Segment Open

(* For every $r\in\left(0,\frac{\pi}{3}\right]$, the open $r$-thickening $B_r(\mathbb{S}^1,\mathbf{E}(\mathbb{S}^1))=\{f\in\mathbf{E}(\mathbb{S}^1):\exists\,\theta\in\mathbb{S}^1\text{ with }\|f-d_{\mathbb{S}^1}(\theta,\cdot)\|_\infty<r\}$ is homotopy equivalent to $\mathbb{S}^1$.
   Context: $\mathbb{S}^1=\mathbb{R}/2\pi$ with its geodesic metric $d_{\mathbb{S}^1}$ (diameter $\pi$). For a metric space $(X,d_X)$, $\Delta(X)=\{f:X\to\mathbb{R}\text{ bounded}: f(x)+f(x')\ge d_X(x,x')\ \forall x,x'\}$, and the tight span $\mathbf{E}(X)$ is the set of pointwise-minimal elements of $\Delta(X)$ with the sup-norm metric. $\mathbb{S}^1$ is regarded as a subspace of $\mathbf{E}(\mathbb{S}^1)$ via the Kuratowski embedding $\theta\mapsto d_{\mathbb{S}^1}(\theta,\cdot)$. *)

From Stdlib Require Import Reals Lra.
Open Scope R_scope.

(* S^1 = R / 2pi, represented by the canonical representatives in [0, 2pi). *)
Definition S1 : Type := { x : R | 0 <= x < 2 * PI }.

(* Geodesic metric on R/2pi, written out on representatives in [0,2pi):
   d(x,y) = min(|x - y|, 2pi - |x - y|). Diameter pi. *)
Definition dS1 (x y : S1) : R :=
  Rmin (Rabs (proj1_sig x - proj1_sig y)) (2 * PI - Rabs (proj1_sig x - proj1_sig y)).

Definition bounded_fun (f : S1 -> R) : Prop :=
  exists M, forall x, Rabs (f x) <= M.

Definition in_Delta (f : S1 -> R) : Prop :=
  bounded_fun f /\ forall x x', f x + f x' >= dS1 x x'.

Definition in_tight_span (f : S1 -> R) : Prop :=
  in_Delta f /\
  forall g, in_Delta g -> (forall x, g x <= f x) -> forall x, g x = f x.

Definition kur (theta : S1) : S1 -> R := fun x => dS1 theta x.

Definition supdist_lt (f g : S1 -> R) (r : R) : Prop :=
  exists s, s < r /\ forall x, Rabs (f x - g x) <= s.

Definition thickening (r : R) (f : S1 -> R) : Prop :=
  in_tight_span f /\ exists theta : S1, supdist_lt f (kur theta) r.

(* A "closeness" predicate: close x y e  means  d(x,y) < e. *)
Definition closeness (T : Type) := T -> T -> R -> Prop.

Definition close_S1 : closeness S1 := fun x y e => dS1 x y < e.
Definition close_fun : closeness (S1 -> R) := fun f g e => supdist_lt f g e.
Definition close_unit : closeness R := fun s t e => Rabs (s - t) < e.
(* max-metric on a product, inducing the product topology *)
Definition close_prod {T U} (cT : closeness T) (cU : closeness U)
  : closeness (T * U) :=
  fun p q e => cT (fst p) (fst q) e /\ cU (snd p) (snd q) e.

Segment Closed

→ **WHAT YOU WILL DO**
Retype exactly the lines of the data above that fall between the line with "Rmin (Rabs (proj1_sig" and the line with "forall g, in_Delta", inclusive, and add nothing.

→ **RESULT FOR THIS EXERCISE**
  Rmin (Rabs (proj1_sig x - proj1_sig y)) (2 * PI - Rabs (proj1_sig x - proj1_sig y)).

Definition bounded_fun (f : S1 -> R) : Prop :=
  exists M, forall x, Rabs (f x) <= M.

Definition in_Delta (f : S1 -> R) : Prop :=
  bounded_fun f /\ forall x x', f x + f x' >= dS1 x x'.

Definition in_tight_span (f : S1 -> R) : Prop :=
  in_Delta f /\
  forall g, in_Delta g -> (forall x, g x <= f x) -> forall x, g x = f x.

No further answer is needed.